> YOUR GOAL
Copy all the lines of the data that include the word "ndvd".

Collected data:
● ● ● ● ●

(* Let $S$ be a reflective numerical semigroup with $\mathrm{g}(S)=g\ge1$ and $\mathrm{m}(S)=a$, and let $r\in\{1,\dots,a-1\}$ satisfy $g\equiv r\pmod a$. Then \[ \mathrm{Ap}(S;a)=\{0,\ 2g+a-r\}\cup\big(\{g+1,\dots,g+(a-1)\}\setminus\{g+(a-r)\}\big). \] In particular, if $g\equiv -1\pmod a$, then $\mathrm{Ap}(S;a)=\{0,2g+1\}\cup\{g+2,\dots,g+(a-1)\}$.
   Context: A numerical semigroup is a submonoid $S$ of $(\mathbb{N}_0,+)$ with finite complement. Its genus $\mathrm{g}(S)$ is the number of elements of $\mathbb{N}_0\setminus S$, and its multiplicity $\mathrm{m}(S)$ is the smallest positive element of $S$. For $0\ne t\in S$, the Apéry set of $S$ relative to $t$ is $\mathrm{Ap}(S;t)=\{s\in S: s-t\notin S\}$. A numerical semigroup $S$ of genus $g\ge1$ is called reflective if for every $z\in\{0,1,\dots,g-1\}$ exactly one of $z$ and $z+g$ belongs to $S$. *)

From mathcomp Require Import all_boot.
Set Implicit Arguments. Unset Strict Implicit. Unset Printing Implicit Defensive.

Definition numerical_semigroup (S : pred nat) : Prop :=
  [/\ S 0,
      (forall x y, S x -> S y -> S (x + y)) &
      exists N, forall n, N <= n -> S n].

Definition genus (S : pred nat) (g : nat) : Prop :=
  exists gaps : seq nat,
    [/\ uniq gaps, (forall n, (n \in gaps) = ~~ S n) & size gaps = g].

Definition multiplicity (S : pred nat) (a : nat) : Prop :=
  [/\ 0 < a, S a & forall b, 0 < b -> b < a -> ~~ S b].

(* Apery set Ap(S;t) = {s in S : s - t notin S}; s - t is taken in Z,
   so if s < t then s - t is negative and hence not in S. *)
Definition Apery (S : pred nat) (t : nat) : pred nat :=
  fun s => S s && ((s < t) || ~~ S (s - t)).

Definition reflective (S : pred nat) (g : nat) : Prop :=
  forall z, z < g -> S z (+) S (z + g).

From mathcomp Require Import all_boot zify.

(* Reflectivity pairs each [z < g] with [z + g] and picks exactly one gap from
   each pair; as [S] has genus [g], these are all the gaps, so every gap is
   below [2g].  By induction on [z < g], [z] is in [S] iff [a] divides it: if
   [z - a] is a gap then [z - a + g], hence [z + g], is in [S], so [z] is a gap.
   Hence on [[g, 2g)] the elements of [S] are the [x] with [a] not dividing
   [x - g].  Reading off the least element of [S] in each residue class mod [a]
   gives [0], the [g + i] with [0 < i < a] except the multiple [g + a - r] of
   [a], and, in the class of [g], the successor [2g + a - r] of the gap
   [2g - r]. *)

Lemma dvdn_near_eq {a m y} :
  a %| m -> y < m + a -> m < y + a -> (a %| y) = (y == m).
Proof.
move=> /dvdnP[q ->] lt_y lt_m.
apply/idP/eqP => [/dvdnP[p def_y]|->]; last exact: dvdn_mull.
rewrite {}def_y in lt_y lt_m *; congr (_ * _).
have a_gt0 : 0 < a by case: a lt_y lt_m; rewrite ?muln0.
rewrite -mulSnr ltn_mul2r a_gt0 ltnS /= in lt_y.
rewrite -mulSnr ltn_mul2r a_gt0 ltnS /= in lt_m.
by apply/anti_leq; rewrite lt_y lt_m.
Qed.

Section ReflectiveSemigroup.

Variables (S : pred nat) (g a r : nat).
Hypotheses (S0 : S 0) (S_add : forall x y, S x -> S y -> S (x + y)).
Hypotheses (S_genus : genus S g) (S_reflective : reflective S g).
Hypotheses (g_gt0 : 0 < g) (S_multiplicity : multiplicity S a).
Hypotheses (g_mod : g %% a = r) (r_gt0 : 0 < r).

Lemma reflective_gap_lt n : ~~ S n -> n < 2 * g.
Proof.
move=> nSn; case: S_genus => gaps [uniq_gaps mem_gaps size_gaps].
pose pick_gap z := if S z then z + g else z.
have sub_gaps : {subset map pick_gap (iota 0 g) <= gaps}.
  move=> y /mapP[z]; rewrite mem_iota add0n => /andP[_ lt_zg] ->.
  rewrite mem_gaps /pick_gap.
  by have := S_reflective z lt_zg; case Sz: (S z) => //=; rewrite Sz.
have uniq_picks : uniq (map pick_gap (iota 0 g)).
  rewrite map_inj_in_uniq ?iota_uniq // => z1 z2.
  by rewrite !mem_iota /pick_gap; case: (S z1); case: (S z2); lia.
have size_picks : size gaps <= size (map pick_gap (iota 0 g)).
  by rewrite size_map size_iota size_gaps.
have [_ eq_gaps] := uniq_min_size uniq_picks sub_gaps size_picks.
have : n \in gaps by rewrite mem_gaps.
rewrite -eq_gaps => /mapP[z]; rewrite mem_iota add0n /pick_gap => /andP[_].
by case: (S z); lia.
Qed.

Lemma reflective_mem_ge n : 2 * g <= n -> S n.
Proof.
by move=> le_n; apply: contraTT le_n => /reflective_gap_lt; rewrite -ltnNge.
Qed.

Let a_gt0 : 0 < a. Proof. by case: S_multiplicity. Qed.
Let r_le_g : r <= g. Proof. by rewrite -g_mod leq_mod. Qed.

Lemma mem_muln_multiplicity k : S (k * a).
Proof.
case: S_multiplicity => _ Sa _.
by elim: k => [|k IHk] //; rewrite mulSn; apply: S_add.
Qed.

Lemma mem_lt_genus z : z < g -> S z = (a %| z).
Proof.
case: S_multiplicity => _ Sa S_lt_a lt_zg.
apply/idP/idP => [|/dvdnP[k ->]]; last exact: mem_muln_multiplicity.
apply: contraTT; elim: z {-2}z (leqnn z) lt_zg => [|n IHn] z le_zn lt_zg ndvd.
  by move: le_zn ndvd; rewrite leqn0 => /eqP->; rewrite dvdn0.
have [lt_za|le_az] := ltnP z a.
  by apply: S_lt_a => //; rewrite lt0n; apply: contraNneq ndvd => ->.
have nS_za : ~~ S (z - a).
  by apply: IHn; [lia | lia | rewrite dvdn_subl].
have S_zag : S (z - a + g).
  have lt_zag : z - a < g by lia.
  by have := S_reflective (z - a) lt_zag; move: nS_za; case: (S (z - a)).
have S_zg : S (z + g).
  by rewrite (_ : z + g = z - a + g + a); [apply: S_add | lia].
by have := S_reflective z lt_zg; rewrite S_zg; case: (S z).
Qed.

Lemma mem_lt_2genus x : g <= x < 2 * g -> S x = ~~ (a %| x - g).
Proof.
move=> /andP[le_gx lt_x]; have lt_xg : x - g < g by lia.
have := S_reflective (x - g) lt_xg; rewrite subnK // mem_lt_genus //.
by case: (S x); case: (a %| x - g).
Qed.

Lemma mem_genus_window x : g <= x < g + a -> S x = (x != g).
Proof.
move=> /andP[le_gx lt_x]; have [lt_x2g|le_2gx] := ltnP x (2 * g).
  rewrite mem_lt_2genus ?le_gx // (dvdn_near_eq (dvdn0 a)); lia.
by rewrite reflective_mem_ge //; lia.
Qed.

Lemma dvdn_genus_subr : a %| g - r.
Proof. by rewrite -g_mod {1}(divn_eq g a) addnK dvdn_mull. Qed.

Lemma dvdn_genus_addr : a %| g + a - r.
Proof. by rewrite -addnBAC // dvdn_addl // dvdn_genus_subr. Qed.

Lemma Apery_lt_genus x : x < g -> Apery S a x = (x == 0).
Proof.
move=> lt_xg; rewrite /Apery mem_lt_genus //.
have [lt_xa|le_ax] := ltnP x a.
  by rewrite andbT (dvdn_near_eq (dvdn0 a)) //; lia.
rewrite mem_lt_genus ?dvdn_subl //; last lia.
by case: (a %| x); lia.
Qed.

Lemma Apery_genus_window x :
  g <= x < g + a -> Apery S a x = (x != g) && (x != g + a - r).
Proof.
move=> /andP[le_gx lt_x]; rewrite /Apery mem_genus_window ?le_gx //.
have [lt_xa|le_ax] := ltnP x a; first by rewrite andbT; lia.
rewrite mem_lt_genus ?dvdn_subl // ?(dvdn_near_eq dvdn_genus_addr); lia.
Qed.

Lemma Apery_above_window x : g + a <= x -> Apery S a x = (x == 2 * g + a - r).
Proof.
move=> le_x; rewrite /Apery ltnNge (_ : a <= x) /=; last lia.
have [lt_x2g|le_2gx] := ltnP (x - a) (2 * g); last first.
  by rewrite [S (x - a)]reflective_mem_ge // andbF; lia.
rewrite [S (x - a)]mem_lt_2genus ?negbK; last lia.
have [lt_x|le_x2] := ltnP x (2 * g).
  rewrite mem_lt_2genus; last lia.
  rewrite -subnDA addnC subnDA (dvdn_subl _ (dvdnn a)); last lia.
  by case: (a %| x - g); lia.
rewrite reflective_mem_ge // (dvdn_near_eq dvdn_genus_subr); lia.
Qed.

Lemma reflective_AperyE x :
  Apery S a x =
    [|| x == 0, x == 2 * g + a - r | (g < x < g + a) && (x != g + a - r)].
Proof.
have [lt_xg|le_gx] := ltnP x g; first by rewrite Apery_lt_genus //; lia.
have [lt_x|le_x] := ltnP x (g + a).
  by rewrite Apery_genus_window ?le_gx //; lia.
by rewrite Apery_above_window //; lia.
Qed.

End ReflectiveSemigroup.

Theorem mainTheorem5 (S : pred nat) (g a r : nat) :
  numerical_semigroup S -> genus S g -> 1 <= g -> multiplicity S a ->
  reflective S g ->
  1 <= r -> r <= a - 1 -> g %% a = r ->
  (forall x, Apery S a x <->
     [\/ x = 0, x = 2 * g + a - r |
         [/\ g + 1 <= x, x <= g + (a - 1) & x <> g + (a - r)]])
  /\
  ((g + 1) %% a = 0 ->
   forall x, Apery S a x <->
     [\/ x = 0, x = 2 * g + 1 | g + 2 <= x <= g + (a - 1)]).
Proof.
move=> [S0 S_add _] S_genus g_gt0 S_mult S_refl r_gt0 le_ra g_mod.
have AperyE :=
  @reflective_AperyE S g a r S0 S_add S_genus S_refl g_gt0 S_mult g_mod r_gt0.
have AperyP x : Apery S a x <->
    [\/ x = 0, x = 2 * g + a - r |
        [/\ g + 1 <= x, x <= g + (a - 1) & x <> g + (a - r)]].
  rewrite AperyE; split.
    case/or3P=> [/eqP-> | /eqP-> | /andP[/andP[lt_gx lt_x] ne_x]];
      try by constructor.
    by constructor 3; split; lia.
  by case=> [-> | -> | [le_x ge_x ne_x]]; lia.
split=> // g1_mod x.
have a_gt0 : 0 < a by case: S_mult.
have r_eq : r = a - 1.
  have : a %| r + 1 by rewrite /dvdn -g_mod modnDml g1_mod.
  by rewrite (dvdn_near_eq (dvdnn a)) => [/eqP||]; lia.
rewrite AperyP r_eq; split.
  case=> [-> | -> | [le_x ge_x ne_x]];
    [constructor 1 | constructor 2 | constructor 3] => //.
    lia.
  apply/andP; split; lia.
case=> [-> | -> | /andP[le_x ge_x]];
  [constructor 1 | constructor 2 | constructor 3] => //.
  lia.
split; lia.
Qed.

● ● ● ● ●

> EXERCISE ANSWER
apply: contraTT; elim: z {-2}z (leqnn z) lt_zg => [|n IHn] z le_zn lt_zg ndvd.
  by move: le_zn ndvd; rewrite leqn0 => /eqP->; rewrite dvdn0.
  by apply: S_lt_a => //; rewrite lt0n; apply: contraNneq ndvd => ->.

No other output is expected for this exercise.